So much for microbursts.  The moral(s) of the story?  First, the most obvious cause is often not the cause at all.  Second, determined customers are often right.  And third:  even intimidating QoS cases can have an easy fix.

I’ve mentioned in previous TAC Tales that I started on a TAC team dedicated to enterprise, which made sense given my background.  Shortly after I came to Cisco the enterprise team was broken up and its staff distributed among the routing protocols team and LAN switch team.  The RP team at that time consisted of service provider experts with little understanding of LAN switching issues, but deep understanding of technologies like BGP and MPLS.  This was back before the Ethernet-everywhere era, and SP experts had never really spent a lot of time with LAN switches.

This created a big problem with case routing.  Anyone who has worked more than 5 minutes in TAC knows that when you have a routing protocol problem, usually it’s not the protocol itself but some underlying layer 2 issue.  This is particularly the case when adjacencies are resetting.  The call center would see “OSPF adjacencies resetting” and immediately send the case to the protocols team, when in fact the issue was with STP or perhaps a faulty link.  With all enterprise RP issues suddenly coming into the same queue as SP cases, our SP-centric staff were constantly getting into stuff they didn’t understand.

One such case came in to us, priority 1, from a service provider that ran “cell sites”, which are concrete bunkers with radio equipment for cellular transmissions.  “Now wait,” you’re saying, “I thought you just said enterprise RP cases were a problem, but this was a service provider!”  Well, it was a service provider but they ran LAN switches at the cell site, so naturally when OSPF started going haywire it came in to the RP team despite obviously being a switching problem!
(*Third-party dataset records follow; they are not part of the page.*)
Lemma exp_term_tail_sum K J : 0 <= K -> 2 * K <= INR (S J) -> forall p,
  Rsum p (fun q => exp_term K (J + 2 * q)) + 2 * exp_term K (J + 2 * p) <= 2 * exp_term K J.
Proof.
  intros HK HJ p. induction p. simpl. rewrite Nat.add_0_r. lra.
  cbn [Rsum]. replace (J + 2 * S p)%nat with (S (S (J + 2 * p))) by lia.
  assert (Hi : forall j, (J <= j)%nat -> 2 * K <= INR (S j))
    by (intros j Hj; eapply Rle_trans; [apply HJ | apply le_INR; lia]).
  assert (h1 := exp_term_succ_le_half K (S (J + 2 * p)) HK (Hi (S (J + 2 * p)) ltac:(lia))).
  assert (h2 := exp_term_succ_le_half K (J + 2 * p) HK (Hi (J + 2 * p)%nat ltac:(lia))).
  assert (h3 := exp_term_nonneg K (J + 2 * p) HK). lra.
Qed.

Lemma exp_term_small K eps : 0 <= K -> 0 < eps ->
  exists L, 2 * K <= INR (S (2 * L + 3)) /\ 2 * exp_term K (2 * L + 3) <= eps.
Proof.
  intros HK Heps. destruct (cv_speed_pow_fact K (eps / 2) ltac:(lra)) as [N1 HN1].
  set (L := (N1 + Z.to_nat (up K))%nat). exists L. split.
  - assert (K <= INR (Z.to_nat (up K))) by (apply le_INR_of_up_le; lia).
    assert (2 * INR (Z.to_nat (up K)) <= INR (S (2 * L + 3))).
    { replace (2 * INR (Z.to_nat (up K))) with (INR (2 * Z.to_nat (up K)))
        by (rewrite mult_INR; simpl; ring).
      apply le_INR. unfold L. lia. }
    lra.
  - assert (h := HN1 (2 * L + 3)%nat ltac:(unfold L; lia)).
    unfold R_dist in h. rewrite Rminus_0_r in h. apply Rabs_def2 in h. unfold exp_term. lra.
Qed.

Lemma sin_partial_sub_opnorm n X K L : 0 <= K -> opnorm_le n X K -> forall p,
  opnorm_le n (msub (sin_partial n X (L + p)) (sin_partial n X L))
    (Rsum p (fun q => exp_term K (2 * L + 3 + 2 * q))).
Proof.
  intros HK HX p. induction p.
  - rewrite Nat.add_0_r. apply opnorm_msub_self.
  - replace (L + S p)%nat with (S (L + p)) by lia.
    set (m := S (L + p)).
    assert (E : msub (sin_partial n X m) (sin_partial n X L) =
       madd (msub (sin_partial n X (L + p)) (sin_partial n X L))
            (mscale (RtoC (sin_coeff m)) (mpow n X (2 * m + 1)))).
    { extensionality i; extensionality j. unfold msub, madd, mscale, sin_partial, sin_coeff.
      simpl Csum. cx_ring. }
    rewrite E. cbn [Rsum]. apply opnorm_add. exact IHp.
    replace (exp_term K (2 * L + 3 + 2 * p)) with (Cmod (RtoC (sin_coeff m)) * K ^ (2 * m + 1)).
    + apply opnorm_scale. apply opnorm_mpow; auto.
    + rewrite Cmod_RtoC. unfold exp_term, sin_coeff.
      replace (2 * L + 3 + 2 * p)%nat with (2 * m + 1)%nat by lia.
      unfold Rdiv. rewrite Rabs_mult, pow_1_abs, Rabs_inv, Rabs_right. ring. apply Rle_ge, pos_INR.
Qed.

Lemma Un_cv_const (c : R) : Un_cv (fun _ => c) c.
Proof. intros e He. exists O. intros. unfold R_dist. rewrite Rminus_diag, Rabs_R0. auto. Qed.

Lemma Un_cv_ext (u u' : nat -> R) l : (forall N, u N = u' N) -> Un_cv u l -> Un_cv u' l.
Proof. intros E H e He. destruct (H e He) as [N HN]. exists N. intros m Hm. rewrite <- E. auto. Qed.

Lemma Un_cv_le_eventually (u : nat -> R) l c N0 :
  Un_cv u l -> (forall N, (N0 <= N)%nat -> u N <= c) -> l <= c.
Proof.
  intros Hu H. destruct (Rle_or_lt l c); auto. destruct (Hu (l - c)) as [N1 HN1]. lra.
  specialize (HN1 (Nat.max N0 N1) ltac:(lia)). specialize (H (Nat.max N0 N1) ltac:(lia)).
  unfold R_dist in HN1. apply Rabs_def2 in HN1. lra.
Qed.

Lemma Rsum_cv n (F : nat -> nat -> R) (G : nat -> R) :
  (forall i, (i < n)%nat -> Un_cv (fun N => F N i) (G i)) ->
  Un_cv (fun N => Rsum n (F N)) (Rsum n G).
Proof.
  induction n; intros H; simpl. apply Un_cv_const.
  apply CV_plus. apply IHn; intros; apply H; lia. apply H; lia.
Qed.
(* Everything goes through (iii).  Given a convex-valued totally l.s.c. [Phi],
   the sets [{x | a \in Phi x}], [a \in E], form an open cover of [X]; let [xi]
   be an index-subordinated partition of unity.  Truncating [xi] at half its
   pointwise maximum yields a locally finite family [eta] with smaller
   supports, and [f = (sum_a eta_a a) / (sum_a eta_a)] is a selection by
   convexity.  Near every point, [f] is a fixed finite combination of points of
   the values with coefficients continuous there, which makes it continuous for
   the finite topology and, in [c00], for the l1-norm.  Conversely, a continuous selection of
   [x |-> {finitely supported probability vectors carried by {a | x \in U a}}],
   in [c00(A)] with the l1-norm or with the product topology, is a partition
   of unity subordinated to [U].  Finally, open sets of a topological vector
   space are open in the finite topology, so (iv) implies (i). *)

From HB Require Import structures.
From mathcomp Require Import all_boot all_order all_algebra finmap.
From mathcomp Require Import all_classical all_reals all_analysis.
From mathcomp.algebra_tactics Require Import lra.
Import Order.TTheory GRing.Theory Num.Theory.
Import numFieldNormedType.Exports.
Local Open Scope classical_set_scope.
Local Open Scope ring_scope.

Lemma near_forall_in_fset {T : Type} {I : choiceType} (F : set_system T)
    {FF : Filter F} (D : {fset I}) (P : I -> T -> Prop) :
  (forall i, i \in D -> \forall x \near F, P i x) ->
  \forall x \near F, forall i, i \in D -> P i x.
Proof. by move=> FP; apply: filterS (filter_bigI FF FP) => x + i iD; apply. Qed.

Lemma cvg_sumr {R : realType} {T : Type} (F : set_system T) {FF : Filter F}
    {I : Type} (s : seq I) {h : I -> T -> R} {l : I -> R} :
  (forall i, h i x @[x --> F] --> l i) ->
  \sum_(i <- s) h i x @[x --> F] --> \sum_(i <- s) l i.
Proof. by move=> hl; apply: cvg_big => [|i _]; [exact: add_continuous|exact: hl]. Qed.

Lemma cvg_sum_scale {R : realType} {E : topologicalLmodType R} {T : Type}
    (F : set_system T) {FF : Filter F} {I : Type} (s : seq I) (p : I -> E)
    {c : I -> T -> R} {l : I -> R} :
  (forall i, c i x @[x --> F] --> l i) ->
  \sum_(i <- s) c i x *: p i @[x --> F] --> \sum_(i <- s) l i *: p i.
Proof.
move=> cl; apply: cvg_big => [|i _]; first exact: add_continuous.
exact: (cvg_comp _ _ (cvg_pair (cl i) (cvg_cst (p i)))
  (@scale_continuous R E (l i, p i))).
Qed.

Lemma cvg_coord_rV (R : realType) (T : Type) (F : set_system T) {FF : Filter F}
    n (g : T -> 'rV[R]_n) (l : 'rV[R]_n) :
  (forall i, g z 0 i @[z --> F] --> l 0 i) -> g z @[z --> F] --> l.
Proof.
move=> gl s /(nbhs_ballP l) [e e0 es].
have : \forall z \near F, forall i, ball (l 0 i) e (g z 0 i).
  by apply: filter_forall => i; exact: (gl i _ (nbhsx_ballx (l 0 i) e e0)).
by apply: filterS => z gz; apply: es; split=> // i j; rewrite (ord1 i).
Qed.

Lemma cvg_initial {S : choiceType} {T : topologicalType} (f : S -> T)
    (F : set_system S) {FF : Filter F} (s : S) :
  f @ F --> f s -> F --> (s : initial_topology f).
Proof.
move=> fFs C /= [_ [[B B_open <-] Bfs sBC]].
by apply: filterS sBC (fFs _ _); exact: open_nbhs_nbhs.
Qed.
Lemma dist_diff_diag (i i' j j' : 'I_n) (z : V) : i != i' -> j != j' ->
  absdiff (KnKn_dist (i, j) z) (KnKn_dist (i', j') z)
    + ((z == (i, j)) + (z == (i', j'))) + 2 * ((z == (i, j')) + (z == (i', j)))
  = (z.1 == i) + (z.1 == i') + (z.2 == j) + (z.2 == j').
Proof.
case: z => a b ii' jj'; rewrite /KnKn_dist /absdiff /= !xpair_eqE
  ![_ == a]eq_sym ![_ == b]eq_sym.
case: (a =P i) => [->|_]; case: (b =P j) => [->|_];
  rewrite ?eqxx ?(negbTE ii') ?(negbTE jj') /=;
  try case: (a == i'); try case: (b == j'); by [].
Qed.

Hypothesis n3 : 2 < n.

Lemma KnKn_common_neighbour (u v : V) : exists w, KnKn_adj n u w && KnKn_adj n w v.
Proof.
case: u v => [a b] [c d].
have [a' /andP [a'a a'c]] := exists_ord_neq2 a c n3.
have [b' /andP [b'b b'd]] := exists_ord_neq2 b d n3.
exists (a', b'); rewrite /KnKn_adj /= ![_ == a']eq_sym ![_ == b']eq_sym.
by rewrite a'a a'c b'b b'd.
Qed.

Lemma ball_KnKn k (x : V) : ball (KnKn_adj n) k x = [set y | KnKn_dist x y <= k].
Proof.
elim: k => [|k IH] /=; apply/setP => y; rewrite !inE.
  by rewrite leqn0 KnKn_dist_eq0 eq_sym.
rewrite IH inE; apply/idP/idP.
  case/orP => [/leqW //|/existsP [z /andP []]].
  by rewrite inE => xz /(KnKn_dist_adj_le x) /leq_trans; apply.
rewrite leq_eqVlt ltnS orbC => /orP [-> //|/eqP dxy]; apply/orP; right; apply/existsP.
case: k {IH} dxy => [|[|k]] dxy.
- by exists x; rewrite inE /KnKn_dist !eqxx /= -KnKn_dist_eq1 dxy.
- have [w /andP [xw wy]] := KnKn_common_neighbour x y.
  by exists w; rewrite inE wy andbT; move: xw; rewrite -KnKn_dist_eq1 => /eqP ->.
- by have := KnKn_dist_le2 x y; rewrite dxy.
Qed.

Lemma gdist_KnKn (x y : V) : gdist (KnKn_adj n) x y = KnKn_dist x y.
Proof.
apply: (gdist_eq_of_ball (f := KnKn_dist x)) => [k|]; first exact: ball_KnKn.
by rewrite card_prod card_ord; have := KnKn_dist_le2 x y; nia.
Qed.

End KnKnDistance.

Section BoolMatrices.
Variable n : nat.
Notation V := ('I_n * 'I_n)%type.

Definition col_sum (A : 'I_n -> 'I_n -> bool) (j : 'I_n) : nat := \sum_(i < n) A i j.
Definition row_sum (A : 'I_n -> 'I_n -> bool) (i : 'I_n) : nat := \sum_(j < n) A i j.
Definition set_mx (S : {set V}) (a b : 'I_n) : bool := (a, b) \in S.

Lemma sum_row_sum A : \sum_(i < n) row_sum A i = \sum_(j < n) col_sum A j.
Proof. exact: exchange_big. Qed.

Lemma sum_in_set_pair (S : {set V}) (F : V -> nat) :
  \sum_(z in S) F z = \sum_a \sum_b (set_mx S a b * F (a, b)).
Proof.
rewrite pair_big /= big_mkcond; apply: eq_bigr => -[a b] _ /=.
by rewrite /set_mx; case: ((a, b) \in S); rewrite ?mul1n ?mul0n.
Qed.

Lemma sum_in_set_eq_snd (S : {set V}) j :
  \sum_(z in S) (z.2 == j : nat) = col_sum (set_mx S) j.
Proof.
rewrite sum_in_set_pair; apply: eq_bigr => a _.
by rewrite (bigD1 j) //= eqxx muln1 big1 ?addn0 // => b /negbTE ->; rewrite muln0.
Qed.

Lemma sum_in_set_eq_fst (S : {set V}) i :
  \sum_(z in S) (z.1 == i : nat) = row_sum (set_mx S) i.
Proof.
rewrite sum_in_set_pair (bigD1 i) //= [X in _ + X]big1 ?addn0.
  by apply: eq_bigr => b _; rewrite eqxx muln1.
by move=> a /negbTE ia; apply: big1 => b _; rewrite /= ia muln0.
Qed.

Lemma card_set_mx (S : {set V}) : #|S| = \sum_(i < n) row_sum (set_mx S) i.
Proof.
rewrite -sum1_card sum_in_set_pair; apply: eq_bigr => a _.
by apply: eq_bigr => b _; rewrite muln1.
Qed.

End BoolMatrices.

Section KnKnDelta.
Variable n : nat.
Hypothesis n3 : 2 < n.
Variable S : {set 'I_n * 'I_n}.
Notation M := (set_mx S).
Notation Delta_S := (Delta (KnKn_adj n) S).

Lemma Delta_KnKn x y :
  Delta_S x y = \sum_(z in S) absdiff (KnKn_dist x z) (KnKn_dist y z).
Proof. by apply: eq_bigr => z _; rewrite !gdist_KnKn. Qed.

Lemma Delta_same_row (i j j' : 'I_n) : j != j' ->
  Delta_S (i, j) (i, j') = col_sum M j + col_sum M j' + M i j + M i j'.
Proof.
move=> jj'; rewrite Delta_KnKn.
under eq_bigr => z _ do rewrite (dist_diff_same_row i z jj').
by rewrite !big_split /= !sum_in_set_eq_snd !sum_in_set_eq.
Qed.

Lemma Delta_same_col (i i' j : 'I_n) : i != i' ->
  Delta_S (i, j) (i', j) = row_sum M i + row_sum M i' + M i j + M i' j.
Proof.
move=> ii'; rewrite Delta_KnKn.
under eq_bigr => z _ do rewrite (dist_diff_same_col j z ii').
by rewrite !big_split /= !sum_in_set_eq_fst !sum_in_set_eq.
Qed.

Lemma Delta_diag (i i' j j' : 'I_n) : i != i' -> j != j' ->
  Delta_S (i, j) (i', j') + (M i j + M i' j') + 2 * (M i j' + M i' j)
  = row_sum M i + row_sum M i' + col_sum M j + col_sum M j'.
Proof.
move=> ii' jj'; rewrite Delta_KnKn.
rewrite -!sum_in_set_eq_fst -!sum_in_set_eq_snd -!big_split /=.
rewrite -(eq_bigr _ (fun z _ => dist_diff_diag z ii' jj')).
by rewrite !big_split /= big1_eq !sum_in_set_eq addn0 mul2n -addnn.
Qed.

End KnKnDelta.

Section PairBoundedColumns.
Variables (n t : nat) (B : 'I_n -> 'I_n -> bool).
Hypothesis n3 : 2 < n.
Hypothesis col_pairs : forall i j j', j != j' ->
  col_sum B j + col_sum B j' + B i j + B i j' <= 2 * t + 2.

Lemma col_sum_pair_le j j' : j != j' -> 0 < col_sum B j ->
  col_sum B j + col_sum B j' <= 2 * t + 1.
Proof.
move=> jj'; rewrite lt0n sum_nat_eq0 => /forallPn [i /=].
by case: (boolP (B i j)) => // Bij _; have := col_pairs i jj'; rewrite Bij; lia.
Qed.

Lemma sum_col_sum_le_or_heavy :
  \sum_(j < n) col_sum B j <= t * n \/
  exists2 js, col_sum B js = t.+1 & forall j, j != js -> col_sum B j <= t.
Proof.
have [light|] := boolP [forall j, col_sum B j <= t].
  left; apply: (@leq_trans (\sum_(j < n) t)).
    by apply: leq_sum => j _; exact: (forallP light).
  by rewrite sum_nat_const card_ord mulnC.
case/forallPn => js; rewrite -ltnNge => heavy.
have partner j : j != js -> col_sum B js + col_sum B j <= 2 * t + 1.
  by move=> jjs; apply: col_sum_pair_le; rewrite 1?eq_sym //; lia.
have [cjs|cjs] := eqVneq (col_sum B js) t.+1.
  by right; exists js => // j /partner; lia.
have [j1 /andP [j1js _]] := exists_ord_neq2 js js n3.
have := partner j1 j1js; left.
have : \sum_(j < n) col_sum B j <= col_sum B js + n.-1 * (2 * t + 1 - col_sum B js).
  rewrite (bigD1 js) //= leq_add2l.
  apply: leq_trans (_ : \sum_(j < n | j != js) (2 * t + 1 - col_sum B js) <= _).
    by apply: leq_sum => j /partner; lia.
  by rewrite sum_nat_const cardC1 card_ord.
nia.
Qed.

End PairBoundedColumns.

Section PairBoundedMatrix.
Variables (n t : nat) (B : 'I_n -> 'I_n -> bool).
Hypotheses (n3 : 2 < n) (t2 : 1 < t).
Hypothesis col_pairs : forall i j j', j != j' ->
  col_sum B j + col_sum B j' + B i j + B i j' <= 2 * t + 2.
Hypothesis row_pairs : forall j i i', i != i' ->
  row_sum B i + row_sum B i' + B i j + B i' j <= 2 * t + 2.

Section HeavyColumn.
Variable js : 'I_n.
Hypothesis heavy_js : col_sum B js = t.+1.
Hypothesis light_cols : forall j, j != js -> col_sum B j <= t.

Lemma sum_col_sum_le_shared_row i j : j != js -> B i js -> B i j ->
  \sum_(k < n) col_sum B k <= t * n.
Proof.
move=> jjs Bijs Bij.
have jsj : js != j by rewrite eq_sym.
have cj : col_sum B j < t by have := col_pairs i jsj; rewrite Bijs Bij heavy_js; lia.
have : \sum_k (col_sum B k + (k == j)) <= \sum_k (t + (k == js)).
  apply: leq_sum => k _; have [->|kjs] := eqVneq k js.
    by rewrite (negbTE jsj) heavy_js; lia.
  by have [->|_] := eqVneq k j; [lia | have := light_cols kjs; lia].
by rewrite !big_split /= !sum_ord_eq sum_nat_const card_ord mulnC; lia.
Qed.

Lemma sum_col_sum_le_isolated ist :
  row_sum B ist = t.+1 -> (forall i, i != ist -> row_sum B i <= t) ->
  (forall i j, j != js -> B i js -> ~~ B i j) -> \sum_(k < n) col_sum B k <= t * n.
Proof.
move=> heavy_ist light_rows isolated.
have single i : B i js -> row_sum B i = 1.
  move=> Bijs; rewrite /row_sum (bigD1 js) //= Bijs big1 // => j jjs.
  by rewrite (negbTE (isolated _ _ jjs Bijs)).
have Bist : ~~ B ist js by apply/negP => /single; rewrite heavy_ist; lia.
(* Each of the t + 1 rows meeting column js holds a single hole, hence has slack t - 1. *)
have : \sum_i (row_sum B i + (t - 1) * B i js) <= \sum_i (t + (i == ist)).
  apply: leq_sum => i _; have [->|iist] := eqVneq i ist.
    by rewrite (negbTE Bist) heavy_ist; lia.
  by case: (boolP (B i js)) => [/single -> | _]; [lia | have := light_rows i iist; lia].
rewrite !big_split /= -big_distrr /= sum_row_sum -/(col_sum B js) heavy_js.
rewrite sum_nat_const card_ord sum_ord_eq.
have : 3 <= (t - 1) * t.+1 by nia.
set s := \sum_(j < n) col_sum B j; lia.
Qed.

End HeavyColumn.

Lemma sum_col_sum_le : \sum_(j < n) col_sum B j <= t * n.
Proof.
have [//|[js heavy_js light_cols]] := sum_col_sum_le_or_heavy n3 col_pairs.
have [|[ist heavy_ist light_rows]] :=
  sum_col_sum_le_or_heavy (B := fun i j => B j i) n3 row_pairs.
  by rewrite sum_row_sum.
have [shared|isolated] := boolP [exists i, exists j, [&& j != js, B i js & B i j]].
  case/existsP: shared => i /existsP [j /and3P [jjs Bijs Bij]].
  exact: (sum_col_sum_le_shared_row heavy_js light_cols jjs Bijs Bij).
apply: (sum_col_sum_le_isolated heavy_js heavy_ist light_rows) => i j jjs Bijs.
move/existsPn/(_ i)/existsPn/(_ j): isolated.
by rewrite jjs Bijs.
Qed.

End PairBoundedMatrix.

Lemma sum_ord_leq (t N : nat) : \sum_(k < N) (t <= k : nat) = N - t.
Proof.
elim: N => [|N IH]; first by rewrite big_ord0.
by rewrite big_ord_recr /= IH; case: (leqP t N) => /=; lia.
Qed.

Lemma sum_ord_addn_mod (n : nat) (F : nat -> nat) (i : 'I_n) :
  \sum_(b < n) F ((i + b) %% n) = \sum_(b < n) F b.
Proof.
have n0 : 0 < n by case: n i => [[]|].
pose rot (b : 'I_n) := Ordinal (ltn_pmod (i + b) n0).
have rot_inj : injective rot.
  move=> b1 b2 /(congr1 val) /= /eqP; rewrite eqn_modDl !modn_small // => /eqP.
  exact: ord_inj.
by rewrite [RHS](reindex_inj rot_inj).
Qed.

Section Band.
Variables n t : nat.
Notation V := ('I_n * 'I_n)%type.

Definition band : {set V} := [set z : V | t <= (z.1 + z.2) %% n].

Lemma row_sum_band i : row_sum (set_mx band) i = n - t.
Proof.
rewrite -(sum_ord_leq t n) -(sum_ord_addn_mod (leq t) i).
by apply: eq_bigr => b _; rewrite /set_mx inE.
Qed.

Lemma col_sum_band j : col_sum (set_mx band) j = n - t.
Proof.
rewrite -(sum_ord_leq t n) -(sum_ord_addn_mod (leq t) j).
by apply: eq_bigr => a _; rewrite /set_mx inE addnC.
Qed.

Lemma card_band : #|band| = n * (n - t).
Proof.
rewrite card_set_mx (eq_bigr (fun=> n - t)) => [|i _]; last exact: row_sum_band.
by rewrite sum_nat_const card_ord.
Qed.

Lemma band_weak_resolving :
  t + 3 <= n -> weak_k_resolving (KnKn_adj n) (2 * n - 2 * t) band.
Proof.
move=> tn; have n3 : 2 < n by lia.
apply/forallP => -[i j]; apply/forallP => -[i' j']; apply/implyP.
rewrite xpair_eqE negb_and.
have [<-|ii'] := eqVneq i i'; have [<-|jj'] := eqVneq j j' => //= _.
- by rewrite Delta_same_row // !col_sum_band; lia.
- by rewrite Delta_same_col // !row_sum_band; lia.
have := Delta_diag n3 band ii' jj'; rewrite !row_sum_band !col_sum_band.
by case: (set_mx _ i j); case: (set_mx _ i' j'); case: (set_mx _ i j');
  case: (set_mx _ i' j) => /=; lia.
Qed.

End Band.

Lemma weak_resolving_card_ge (n t : nat) (S : {set 'I_n * 'I_n}) :
  2 < n -> 1 < t -> weak_k_resolving (KnKn_adj n) (2 * n - 2 * t) S ->
  n * n - t * n <= #|S|.
Proof.
move=> n3 t2 /forallP resS.
have sep x y : x != y -> 2 * n - 2 * t <= Delta (KnKn_adj n) S x y.
  by have /forallP/(_ y)/implyP := resS x.
pose B a b := ~~ set_mx S a b.
have col_compl j : col_sum (set_mx S) j + col_sum B j = n := sum_bool_negb _.
have row_compl i : row_sum (set_mx S) i + row_sum B i = n := sum_bool_negb _.
have col_pairs i j j' : j != j' ->
    col_sum B j + col_sum B j' + B i j + B i j' <= 2 * t + 2.
  move=> jj'; have := sep (i, j) (i, j'); rewrite xpair_eqE eqxx jj' Delta_same_row //.
  have := col_compl j; have := col_compl j'; rewrite /B.
  by case: (set_mx S i j); case: (set_mx S i j') => /=; lia.
have row_pairs j i i' : i != i' ->
    row_sum B i + row_sum B i' + B i j + B i' j <= 2 * t + 2.
  move=> ii'; have := sep (i, j) (i', j).
  rewrite xpair_eqE eqxx andbT ii' Delta_same_col //.
  have := row_compl i; have := row_compl i'; rewrite /B.
  by case: (set_mx S i j); case: (set_mx S i' j) => /=; lia.
have total : \sum_(i < n) row_sum (set_mx S) i + \sum_(i < n) row_sum B i = n * n.
  by rewrite -big_split /= (eq_bigr (fun=> n)) // sum_nat_const card_ord.
have := sum_col_sum_le n3 t2 col_pairs row_pairs.
by move: total; rewrite card_set_mx (sum_row_sum B); lia.
Qed.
A quick look at the logs confirmed this:

Jun 13 01:52:36 LSW38-0 3858130: Jun 13 01:52:32.347 CDT:
%C4K_EBM-4-HOSTFLAPPING: Host 00:AB:DA:EE:0A:FF in vlan 74 is flapping
between port Fa2/37 and port Po1

Here we could see a host MAC address moving between a front-panel port on the switch and a core-facing port channel.  Something’s not right there.  There were tons of messages like these in the logs.

Digging a little further I determined that Spanning Tree was disabled.  Ugh.

Spanning Tree Protocol (STP) is not  popular, and it’s definitely flawed.  With all due respect to the (truly) great Radia Perlman, the inventor of STP, choosing the lowest bridge identifier (usually the MAC address of the switch) as the root, when priorities are set to the default, is a bad idea.  It means that if customers deploy STP with default values, the oldest switch in the network becomes root.  Bad idea, as I said.  However, STP also gets a bad reputation undeservedly.  I cannot tell you how many times there was a layer 2 loop in a customer network, where STP was disabled, and the customer referred to it as a “Spanning Tree loop”.  STP stops layer 2 loops, it does not create them.  And a layer 2 loop out of control is much worse than a 50 second spanning tree outage, which is what you got with the original protocol spec.  When there is no loop in the network, STP doesn’t do anything at all except for send out BPDUs.

As I suspected, the customer had disabled spanning tree due to concerns about the speed of failover.  They had also managed to patch a layer 2 loop into their network during a minor change, causing an unchecked loop to circulate frames out of control, bringing down their entire cell site.

I explained to them the value of STP, and why any outage caused by it would be better than the out of control loop they had.  I was told to mind my own business.  They didn’t want to enable spanning tree because it was slow.  Yes, I said, but only when there is a loop!  And in that case, a short outage is better than a meltdown.  Then I realized the customer and I were in a loop, which I could break by closing the case.

Newer technologies (such as SD-Access) obviate the need for STP, but if you’re doing classic Layer 2, please, use it.

Everyone who’s worked in TAC can tell you their nightmare case–the type of case that, when they see it in the queue, makes them want to run away, take an unexpected lunch break, and hope some other engineer grabs it.  The nightmare case is the case you know you’ll get stuck on for hours, on a conference bridge, escalating to other engineers, trying to find a solution to an impossible problem.  For some it’s unexplained packet loss.  For others, it’s multicast.  For me, it was EIGRP Stuck-in-Active (SIA).

Some customer support engineers (CSEs) thought SIA cases were easy.  Not me.  A number of times I had a network in total meltdown due to SIA with no clue as to where the problem was.  Often the solution required a significant redesign of the network.

As a review, EIGRP is more-or-less a distance-vector routing protocol, which uses an algorithm called DUAL to achieve better performance than a traditional DV protocol like RIP.  I don’t want to get into all the fun CCIE questions on the protocol details, but what matters for this article is how querying works.  When an EIGRP neighbor loses a route, it sets the route as “Active” and then queries its neighbors as to where the route went.  Then, if the neighbors don’t have it, they set it active and query their neighbors.  If those neighbors don’t have the route active, they of course mark it active and query their neighbors.  And so forth.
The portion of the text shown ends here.